Setelah siap, akupun segera turun untuk menemui dokter Arkan dan bi Asih yang sudah menungguku di depan rumah. Disana, aku melihat mang Jaja sedang membantu dokter Arkan untuk memasukkan perlengkapan aku dan bi Asih ke dalam bagasi mobil. Tidak terlalu banyak, tapi cukup untuk dua hari ke depan. Dengan santai, aku mengikuti langkah bi Asih untuk segera naik ke dalam mobil.
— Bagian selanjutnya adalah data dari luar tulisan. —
Lemma min_power_le kk (v : 'cV[R]_N) :
  (forall i, ne i (kk i) <= (Gm kk *m v) i 0) -> forall i, min_power kk i 0 <= v i 0.
Proof.
move=> Gv_ge i; rewrite -subr_ge0.
have w_ge0 : forall j, 0 <= (v - min_power kk) j 0.
  apply: (Gmat_monotone kk) => j.
  by rewrite mulmxBr Gmat_min_power; have := Gv_ge j; rewrite !mxE subr_ge0.
by have := w_ge0 i; rewrite !mxE.
Qed.

Lemma min_power_sum_le kk m : \sum_(i in Om m) min_power kk i 0 <= pbar m.
Proof.
have [v [_ Gv_ge v_sum]] := choice_feasible kk m.
by apply: le_trans v_sum; apply: ler_sum => i _; exact: min_power_le.
Qed.

Lemma min_power_switch_gt (f : receiver_choice) i k :
  (ar i k *m min_power f) 0 0 < ne i k ->
  \sum_j min_power f j 0 < \sum_j min_power (finfun (dfwith f k)) j 0.
Proof.
move=> row_violated; set f' := finfun (dfwith f k).
have f'_i : f' i = k by rewrite ffunE dfwith_in.
have f'_j j : j != i -> f' j = f j by move=> ji; rewrite ffunE dfwith_out // eq_sym.
set w := min_power f' - min_power f.
have Gw_eq j : (Gm f' *m w) j 0 = ne j (f' j) - (ar j (f' j) *m min_power f) 0 0.
  by rewrite mulmxBr Gmat_min_power [LHS]mxE [X in _ + X]mxE Gmat_mulmx mxE.
(* only row i changed, and it was the violated one *)
have Gw_ge0 j : 0 <= (Gm f' *m w) j 0.
  rewrite Gw_eq; have [->|ji] := eqVneq j i; first by rewrite f'_i subr_ge0 ltW.
  by rewrite f'_j // -Gmat_mulmx Gmat_min_power mxE subrr.
have Gw_i_gt0 : 0 < (Gm f' *m w) i 0 by rewrite Gw_eq f'_i subr_gt0.
have w_ge0 := Gmat_monotone f' w Gw_ge0.
have sum_w_gt0 : 0 < \sum_j w j 0.
  rewrite lt_def sumr_ge0 // andbT; apply: contraTneq Gw_i_gt0 => /psumr_eq0P w0.
  by rewrite mxE big1 ?ltxx // => j _; rewrite w0 ?mulr0.
have -> : \sum_j min_power f' j 0 = \sum_j min_power f j 0 + \sum_j w j 0.
  by rewrite -big_split; apply: eq_bigr => j _; rewrite /= !mxE addrC subrK.
by rewrite ltrDl.
Qed.

Lemma spectral_le1_feasible : exists p, feasible p.
Proof.
pose F (f : receiver_choice) := \sum_j min_power f j 0.
pose f0 : receiver_choice := finfun (fun i => Ordinal (K_gt0 i)).
have [fs _ fs_max] := @arg_maxP _ R _ f0 xpredT F isT.
exists (min_power fs); split; [exact: min_power_ge0 | exact: min_power_sum_le |].
move=> i k; rewrite leNgt; apply/negP => /min_power_switch_gt.
by apply/negP; rewrite -leNgt; exact: fs_max.
Qed.

End SpectralCondition.

End Network.

Theorem theorem6 (R : rcfType) (N : nat) (K : 'I_N -> nat)
  (g : forall i : 'I_N, 'I_(K i) -> 'I_N -> R) (sigma2 : R)
  (M : nat) (Om : 'I_M -> {set 'I_N}) (pbar : 'I_M -> R) (mu : 'I_N -> R) :
  (forall i, (0 < K i)%N) ->
  (forall i k j, 0 <= g i k j) ->
  (forall i k, 0 < g i k i) ->
  0 < sigma2 ->
  (forall i, 0 < mu i) ->
  (forall kk : forall i : 'I_N, 'I_(K i),
      irreducible_mx R N (1%:M - Gmat R N K g mu kk)) ->
  (0 < M)%N ->
  (forall m, Om m != set0) ->
  (forall m, 0 < pbar m) ->
  (exists p : 'cV[R]_N,
      [/\ forall i, 0 <= p i 0,
          forall m, \sum_(i in Om m) p i 0 <= pbar m
        & A_ge_n R N K g sigma2 mu p])
  <->
  (forall (kk : forall i : 'I_N, 'I_(K i)) (m : 'I_M) (r : R),
      spectral_radius R N
        (psi R N (1%:M - Gmat R N K g mu kk) ((pbar m)^-1 *: nG R N K g sigma2 mu kk) (Om m)) r ->
      r <= 1).
Proof.
move=> K_gt0 g_ge0 g_diag_gt0 sigma2_gt0 mu_gt0 I_G_irr M_gt0 Om_neq0 pbar_gt0.
split; first by case=> p; apply: feasible_spectral_le1.
by apply: spectral_le1_feasible.
Qed.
Selama di perjalanan, hanya di isi dengan keheningan. Aku yang asik membaca novel sambil bersandar di pundak bi Asih, dan dokter Arkan yang fokus menyetir di depan.

Sunyi, lebih baik dari pada suara bising yang memuakkan.

Setelah menghabiskan 1 jam lebih diperjalanan, akhirnya kami juga sampai di sebuah Vila milik keluarga dokter Arkan. Aku tahu, karena ini bukan pertama kalinya aku ke sini. Dulu, saat masih kecil aku juga pernah di ajak ke tempat ini oleh dokter Surya. Dan dengan alasan yang sama, 'untuk mencari udara segar'. Saat itu usiaku baru genap 10 tahun, dan bertemu dengan dokter Arkan yang berusia 20 tahun dan adik perempuannya yang baru berusia 5 tahun. Dan di tempat inilah, untuk pertama kalinya aku merasakan arti sebuah 'keluarga'.

"Kalian sudah sampai? Cepatlah, semuanya sudah menunggu" tanya seorang pria tua yang berdiri di depan pintu dengan pakaian kasualnya, dan tak lupa, senyum ramahnya.

"Assalamu'alaikum dokter Surya, lama tidak berjumpa, bagaimana kabar anda?" Tanyaku, sambil membalas senyum ramah beliau.

"Wa'alaikum salam, Alhamdulillah kabar baik, nak," jawabnya, "aku selalu dengar tentangmu dari putraku, dan aku sangat senang saat mendengar bahwa tidak ada yang aneh selama hampir setengah tahun ini padamu. Dan karena itulah, aku ingin bertemu dan mengajakmu untuk mencari udara segar" ujarnya, dengan senyuman yang tak pernah luntur dari wajah beliau yang sudah tidak muda lagi.

"Maaf karena membuat anda repot hanya untuk bertemu dengan saya, dok" maafku.

"Tak apa jika itu untukmu, nak" jawabnya hangat, membuatku tersenyum tulus.

"Ya sudah, mari masuk, semuanya sudah menunggu kalian!" Ajak dokter Surya, lalu berjalan lebih dulu yang diikuti olehku dan bi Asih, lalu dokter Arkan dan pak Dadan yang membantu membawakan barang-barang kami.

Di sana, di Ruang makan yang berhadapan langsung dengan ruang tamu dan taman samping vila, aku bisa melihat sudah ada beberapa orang di sana. Dan aku tahu siapa mereka semua. Tante Sila, istri dari dokter Surya dan putrinya yang lebih muda 4 tahun dariku, Zahra. Dan juga kedua orang tua dari dokter Surya, omah Ela dan opah Wily. Dan ada juga adik dokter Surya, tante Astrid dan putrinya yang lebih tua 8 tahun dariku, kak Ayu beserta suaminya.

Jujur, ada perasaan hangat dan juga iri saat melihat mereka. Bagaimana bisa keluarga mereka begitu hangat, sedangkan aku sendiri tak pernah merasakan itu semua.